— ASSIGNMENT —
What is needed here is an exact repetition of the records below, beginning at the line that has "Section Congruence." and stopping after the line that has "Lemma congr1J_inv (u".

-- Opening Marker --

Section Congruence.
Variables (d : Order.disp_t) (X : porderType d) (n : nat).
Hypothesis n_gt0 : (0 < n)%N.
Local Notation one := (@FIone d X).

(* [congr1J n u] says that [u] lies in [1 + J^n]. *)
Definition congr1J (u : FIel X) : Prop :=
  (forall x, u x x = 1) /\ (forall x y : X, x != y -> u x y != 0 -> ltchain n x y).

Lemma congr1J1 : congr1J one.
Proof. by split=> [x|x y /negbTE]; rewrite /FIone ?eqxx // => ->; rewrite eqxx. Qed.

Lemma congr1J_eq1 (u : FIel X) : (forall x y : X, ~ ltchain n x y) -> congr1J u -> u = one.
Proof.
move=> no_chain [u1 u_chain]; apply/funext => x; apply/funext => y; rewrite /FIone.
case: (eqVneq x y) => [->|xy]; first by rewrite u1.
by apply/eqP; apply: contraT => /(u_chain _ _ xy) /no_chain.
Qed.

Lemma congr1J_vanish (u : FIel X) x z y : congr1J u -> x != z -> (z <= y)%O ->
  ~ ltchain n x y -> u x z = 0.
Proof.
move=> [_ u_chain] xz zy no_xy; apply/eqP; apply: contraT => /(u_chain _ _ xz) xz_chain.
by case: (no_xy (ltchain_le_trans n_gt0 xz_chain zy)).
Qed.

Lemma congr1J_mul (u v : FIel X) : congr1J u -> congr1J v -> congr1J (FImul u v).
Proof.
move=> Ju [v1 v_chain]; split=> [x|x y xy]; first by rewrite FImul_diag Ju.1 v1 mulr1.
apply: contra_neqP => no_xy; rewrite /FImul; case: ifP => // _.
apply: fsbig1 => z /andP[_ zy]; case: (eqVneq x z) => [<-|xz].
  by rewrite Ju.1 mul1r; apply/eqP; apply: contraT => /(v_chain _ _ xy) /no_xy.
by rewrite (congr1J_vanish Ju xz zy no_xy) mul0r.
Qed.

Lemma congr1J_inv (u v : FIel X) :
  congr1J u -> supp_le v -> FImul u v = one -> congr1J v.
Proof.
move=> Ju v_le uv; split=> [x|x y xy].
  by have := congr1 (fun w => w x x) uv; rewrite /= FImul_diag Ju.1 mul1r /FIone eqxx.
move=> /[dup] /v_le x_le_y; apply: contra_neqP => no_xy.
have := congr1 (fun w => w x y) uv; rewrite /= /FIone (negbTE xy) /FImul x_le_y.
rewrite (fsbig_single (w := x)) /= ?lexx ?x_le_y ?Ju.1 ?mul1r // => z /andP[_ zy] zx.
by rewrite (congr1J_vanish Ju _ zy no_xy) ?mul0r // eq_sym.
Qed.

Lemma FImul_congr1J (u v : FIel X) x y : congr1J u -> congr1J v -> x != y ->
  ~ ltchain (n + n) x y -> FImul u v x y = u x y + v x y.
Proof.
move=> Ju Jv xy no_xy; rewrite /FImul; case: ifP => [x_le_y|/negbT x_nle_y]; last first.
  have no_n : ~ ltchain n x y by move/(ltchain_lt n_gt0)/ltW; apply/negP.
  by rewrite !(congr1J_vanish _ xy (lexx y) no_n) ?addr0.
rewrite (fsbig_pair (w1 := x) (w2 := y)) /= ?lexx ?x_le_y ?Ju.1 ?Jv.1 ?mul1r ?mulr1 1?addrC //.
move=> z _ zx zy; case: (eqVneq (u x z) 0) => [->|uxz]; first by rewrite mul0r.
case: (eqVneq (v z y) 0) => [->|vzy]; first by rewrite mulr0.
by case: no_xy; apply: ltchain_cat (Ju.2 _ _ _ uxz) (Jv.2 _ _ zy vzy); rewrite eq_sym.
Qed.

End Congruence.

-- Closing Marker --
-- Opening Marker --

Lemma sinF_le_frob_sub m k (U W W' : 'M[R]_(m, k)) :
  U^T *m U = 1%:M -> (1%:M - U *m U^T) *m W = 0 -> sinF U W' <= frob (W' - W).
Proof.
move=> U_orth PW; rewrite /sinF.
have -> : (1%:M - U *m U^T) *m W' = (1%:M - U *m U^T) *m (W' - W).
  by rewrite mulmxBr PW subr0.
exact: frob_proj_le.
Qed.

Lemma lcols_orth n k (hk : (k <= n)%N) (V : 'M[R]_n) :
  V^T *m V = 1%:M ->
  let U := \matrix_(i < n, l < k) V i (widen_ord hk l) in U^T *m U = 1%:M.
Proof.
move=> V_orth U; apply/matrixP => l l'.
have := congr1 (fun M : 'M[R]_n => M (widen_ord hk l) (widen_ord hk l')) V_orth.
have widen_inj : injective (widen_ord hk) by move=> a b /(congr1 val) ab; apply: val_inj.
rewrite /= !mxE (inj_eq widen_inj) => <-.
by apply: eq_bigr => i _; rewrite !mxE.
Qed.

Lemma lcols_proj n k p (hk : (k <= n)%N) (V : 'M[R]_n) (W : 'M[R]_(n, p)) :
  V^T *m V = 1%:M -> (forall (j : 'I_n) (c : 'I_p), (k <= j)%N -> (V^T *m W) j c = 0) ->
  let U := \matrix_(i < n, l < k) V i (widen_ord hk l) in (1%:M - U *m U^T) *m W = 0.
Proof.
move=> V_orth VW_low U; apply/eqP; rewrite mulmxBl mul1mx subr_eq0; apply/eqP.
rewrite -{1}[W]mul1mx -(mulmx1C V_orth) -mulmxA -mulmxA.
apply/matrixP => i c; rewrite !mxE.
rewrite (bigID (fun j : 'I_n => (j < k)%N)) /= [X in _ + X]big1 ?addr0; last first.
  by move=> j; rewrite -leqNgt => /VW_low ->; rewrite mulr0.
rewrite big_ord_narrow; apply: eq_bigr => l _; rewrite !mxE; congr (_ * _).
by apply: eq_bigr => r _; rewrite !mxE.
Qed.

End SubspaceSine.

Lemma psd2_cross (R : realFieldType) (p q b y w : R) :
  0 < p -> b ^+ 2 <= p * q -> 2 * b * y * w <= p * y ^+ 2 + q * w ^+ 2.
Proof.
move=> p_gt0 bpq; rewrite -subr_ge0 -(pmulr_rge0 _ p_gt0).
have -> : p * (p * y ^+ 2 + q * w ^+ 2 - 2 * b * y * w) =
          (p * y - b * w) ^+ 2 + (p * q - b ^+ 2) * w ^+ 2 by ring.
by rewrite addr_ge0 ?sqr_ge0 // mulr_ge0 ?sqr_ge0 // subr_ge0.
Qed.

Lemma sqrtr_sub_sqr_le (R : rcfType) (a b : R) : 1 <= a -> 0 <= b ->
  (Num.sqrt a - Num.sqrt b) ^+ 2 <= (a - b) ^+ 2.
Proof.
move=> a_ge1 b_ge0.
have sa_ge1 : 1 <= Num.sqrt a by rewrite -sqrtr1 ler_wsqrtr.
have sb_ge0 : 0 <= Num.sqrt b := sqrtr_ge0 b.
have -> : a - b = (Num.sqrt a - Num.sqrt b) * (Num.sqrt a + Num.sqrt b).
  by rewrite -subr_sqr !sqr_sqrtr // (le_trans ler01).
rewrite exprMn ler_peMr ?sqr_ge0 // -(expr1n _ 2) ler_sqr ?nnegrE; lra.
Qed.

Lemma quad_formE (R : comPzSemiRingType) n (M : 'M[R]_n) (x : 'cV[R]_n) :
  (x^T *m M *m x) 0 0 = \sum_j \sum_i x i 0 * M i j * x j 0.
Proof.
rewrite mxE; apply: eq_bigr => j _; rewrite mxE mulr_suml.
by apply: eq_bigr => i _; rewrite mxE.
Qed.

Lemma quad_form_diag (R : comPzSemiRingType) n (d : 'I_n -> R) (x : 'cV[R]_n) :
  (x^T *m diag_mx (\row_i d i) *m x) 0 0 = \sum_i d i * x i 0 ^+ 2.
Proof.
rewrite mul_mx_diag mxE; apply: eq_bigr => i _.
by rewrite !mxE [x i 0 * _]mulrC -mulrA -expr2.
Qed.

-- Closing Marker --
-- Opening Marker --

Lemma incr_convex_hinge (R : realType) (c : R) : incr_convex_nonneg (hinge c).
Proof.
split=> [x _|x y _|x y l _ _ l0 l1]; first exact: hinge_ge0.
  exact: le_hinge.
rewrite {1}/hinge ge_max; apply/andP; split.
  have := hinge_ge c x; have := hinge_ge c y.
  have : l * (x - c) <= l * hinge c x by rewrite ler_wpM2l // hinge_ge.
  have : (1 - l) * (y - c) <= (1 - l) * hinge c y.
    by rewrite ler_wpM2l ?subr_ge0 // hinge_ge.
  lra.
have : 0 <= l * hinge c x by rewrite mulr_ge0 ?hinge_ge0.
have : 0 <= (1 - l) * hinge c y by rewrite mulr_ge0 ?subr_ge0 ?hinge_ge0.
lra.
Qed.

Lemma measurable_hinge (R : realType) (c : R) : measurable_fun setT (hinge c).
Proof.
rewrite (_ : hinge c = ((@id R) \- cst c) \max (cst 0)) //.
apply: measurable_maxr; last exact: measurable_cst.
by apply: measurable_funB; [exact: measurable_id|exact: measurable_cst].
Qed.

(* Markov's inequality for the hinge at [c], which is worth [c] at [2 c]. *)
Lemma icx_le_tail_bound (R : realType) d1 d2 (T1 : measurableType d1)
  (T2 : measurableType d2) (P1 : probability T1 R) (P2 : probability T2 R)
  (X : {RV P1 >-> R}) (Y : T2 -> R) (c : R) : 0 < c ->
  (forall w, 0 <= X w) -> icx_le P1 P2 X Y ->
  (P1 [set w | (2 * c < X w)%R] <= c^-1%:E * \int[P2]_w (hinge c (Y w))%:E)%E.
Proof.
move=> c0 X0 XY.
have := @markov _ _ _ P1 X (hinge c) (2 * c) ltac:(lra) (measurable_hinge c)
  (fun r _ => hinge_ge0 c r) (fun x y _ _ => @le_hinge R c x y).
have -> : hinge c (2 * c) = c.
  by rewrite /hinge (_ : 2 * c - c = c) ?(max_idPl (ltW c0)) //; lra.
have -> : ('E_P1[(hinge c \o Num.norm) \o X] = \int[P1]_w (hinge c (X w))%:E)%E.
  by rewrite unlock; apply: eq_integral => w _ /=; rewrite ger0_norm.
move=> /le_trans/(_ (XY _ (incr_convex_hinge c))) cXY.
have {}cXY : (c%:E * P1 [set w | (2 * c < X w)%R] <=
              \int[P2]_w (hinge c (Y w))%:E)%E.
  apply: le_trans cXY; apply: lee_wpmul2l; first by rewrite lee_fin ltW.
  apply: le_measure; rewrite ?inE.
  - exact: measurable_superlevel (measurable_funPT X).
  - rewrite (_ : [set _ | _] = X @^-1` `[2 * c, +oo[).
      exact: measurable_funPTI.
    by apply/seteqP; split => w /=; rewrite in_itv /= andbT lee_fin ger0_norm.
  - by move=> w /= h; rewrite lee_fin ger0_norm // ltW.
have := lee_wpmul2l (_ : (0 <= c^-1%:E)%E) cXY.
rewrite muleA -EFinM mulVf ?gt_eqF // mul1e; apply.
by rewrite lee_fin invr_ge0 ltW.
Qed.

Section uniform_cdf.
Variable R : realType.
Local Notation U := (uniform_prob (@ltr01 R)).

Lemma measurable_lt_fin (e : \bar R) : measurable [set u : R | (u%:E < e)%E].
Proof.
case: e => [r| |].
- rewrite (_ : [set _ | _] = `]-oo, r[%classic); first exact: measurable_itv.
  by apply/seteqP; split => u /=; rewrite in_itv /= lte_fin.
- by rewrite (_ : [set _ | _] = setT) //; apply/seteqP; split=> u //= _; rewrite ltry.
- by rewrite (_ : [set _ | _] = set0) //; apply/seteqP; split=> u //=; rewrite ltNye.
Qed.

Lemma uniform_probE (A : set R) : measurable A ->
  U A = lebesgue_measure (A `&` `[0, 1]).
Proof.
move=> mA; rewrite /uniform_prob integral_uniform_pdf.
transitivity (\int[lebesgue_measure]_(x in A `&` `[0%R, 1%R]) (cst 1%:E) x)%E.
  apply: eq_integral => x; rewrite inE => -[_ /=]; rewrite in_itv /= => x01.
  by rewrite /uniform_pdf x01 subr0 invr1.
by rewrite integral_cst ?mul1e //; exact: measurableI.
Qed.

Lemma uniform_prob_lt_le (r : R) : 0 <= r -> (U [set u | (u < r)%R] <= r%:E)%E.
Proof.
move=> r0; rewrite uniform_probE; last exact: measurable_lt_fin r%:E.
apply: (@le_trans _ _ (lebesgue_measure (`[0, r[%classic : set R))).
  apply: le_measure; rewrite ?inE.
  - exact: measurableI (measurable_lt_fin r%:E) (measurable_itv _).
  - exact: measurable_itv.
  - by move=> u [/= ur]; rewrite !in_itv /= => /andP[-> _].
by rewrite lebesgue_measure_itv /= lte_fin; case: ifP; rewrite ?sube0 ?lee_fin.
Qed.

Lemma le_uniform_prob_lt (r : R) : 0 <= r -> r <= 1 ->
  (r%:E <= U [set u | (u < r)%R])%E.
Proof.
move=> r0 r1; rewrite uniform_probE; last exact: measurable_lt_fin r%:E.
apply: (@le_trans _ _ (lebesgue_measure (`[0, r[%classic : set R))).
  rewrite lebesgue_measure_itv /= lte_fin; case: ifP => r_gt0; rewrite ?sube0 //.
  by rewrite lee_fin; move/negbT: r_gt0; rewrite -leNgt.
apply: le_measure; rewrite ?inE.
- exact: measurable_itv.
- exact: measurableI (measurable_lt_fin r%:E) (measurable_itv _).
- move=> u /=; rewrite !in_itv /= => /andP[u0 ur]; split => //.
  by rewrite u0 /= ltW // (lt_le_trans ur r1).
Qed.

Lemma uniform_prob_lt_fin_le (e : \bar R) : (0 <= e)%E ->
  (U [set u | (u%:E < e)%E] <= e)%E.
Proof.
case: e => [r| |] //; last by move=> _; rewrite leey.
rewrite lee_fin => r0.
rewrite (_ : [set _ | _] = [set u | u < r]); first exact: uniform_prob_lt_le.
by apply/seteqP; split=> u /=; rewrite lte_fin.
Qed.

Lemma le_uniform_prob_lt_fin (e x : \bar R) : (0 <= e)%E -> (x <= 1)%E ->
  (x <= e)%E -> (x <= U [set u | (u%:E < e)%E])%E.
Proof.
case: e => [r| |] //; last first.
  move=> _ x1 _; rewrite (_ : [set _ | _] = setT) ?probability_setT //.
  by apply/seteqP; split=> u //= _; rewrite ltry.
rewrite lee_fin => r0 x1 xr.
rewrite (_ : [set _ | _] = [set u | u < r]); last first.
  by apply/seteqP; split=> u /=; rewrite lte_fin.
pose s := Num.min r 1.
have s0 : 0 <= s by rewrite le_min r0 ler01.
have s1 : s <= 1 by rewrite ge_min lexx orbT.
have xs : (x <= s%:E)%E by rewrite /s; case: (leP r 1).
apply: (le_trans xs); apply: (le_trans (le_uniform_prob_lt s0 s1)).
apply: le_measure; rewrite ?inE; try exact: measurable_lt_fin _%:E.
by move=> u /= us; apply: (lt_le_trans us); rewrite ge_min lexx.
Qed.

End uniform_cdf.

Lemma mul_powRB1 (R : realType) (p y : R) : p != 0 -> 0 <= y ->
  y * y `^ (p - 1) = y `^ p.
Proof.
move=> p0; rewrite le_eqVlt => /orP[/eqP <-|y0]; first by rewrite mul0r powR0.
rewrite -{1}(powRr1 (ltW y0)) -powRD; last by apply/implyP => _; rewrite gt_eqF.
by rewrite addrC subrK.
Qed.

-- Closing Marker --

— EXERCISE ANSWER —
Section Congruence.
Variables (d : Order.disp_t) (X : porderType d) (n : nat).
Hypothesis n_gt0 : (0 < n)%N.
Local Notation one := (@FIone d X).

(* [congr1J n u] says that [u] lies in [1 + J^n]. *)
Definition congr1J (u : FIel X) : Prop :=
  (forall x, u x x = 1) /\ (forall x y : X, x != y -> u x y != 0 -> ltchain n x y).

Lemma congr1J1 : congr1J one.
Proof. by split=> [x|x y /negbTE]; rewrite /FIone ?eqxx // => ->; rewrite eqxx. Qed.

Lemma congr1J_eq1 (u : FIel X) : (forall x y : X, ~ ltchain n x y) -> congr1J u -> u = one.
Proof.
move=> no_chain [u1 u_chain]; apply/funext => x; apply/funext => y; rewrite /FIone.
case: (eqVneq x y) => [->|xy]; first by rewrite u1.
by apply/eqP; apply: contraT => /(u_chain _ _ xy) /no_chain.
Qed.

Lemma congr1J_vanish (u : FIel X) x z y : congr1J u -> x != z -> (z <= y)%O ->
  ~ ltchain n x y -> u x z = 0.
Proof.
move=> [_ u_chain] xz zy no_xy; apply/eqP; apply: contraT => /(u_chain _ _ xz) xz_chain.
by case: (no_xy (ltchain_le_trans n_gt0 xz_chain zy)).
Qed.

Lemma congr1J_mul (u v : FIel X) : congr1J u -> congr1J v -> congr1J (FImul u v).
Proof.
move=> Ju [v1 v_chain]; split=> [x|x y xy]; first by rewrite FImul_diag Ju.1 v1 mulr1.
apply: contra_neqP => no_xy; rewrite /FImul; case: ifP => // _.
apply: fsbig1 => z /andP[_ zy]; case: (eqVneq x z) => [<-|xz].
  by rewrite Ju.1 mul1r; apply/eqP; apply: contraT => /(v_chain _ _ xy) /no_xy.
by rewrite (congr1J_vanish Ju xz zy no_xy) mul0r.
Qed.

Lemma congr1J_inv (u v : FIel X) :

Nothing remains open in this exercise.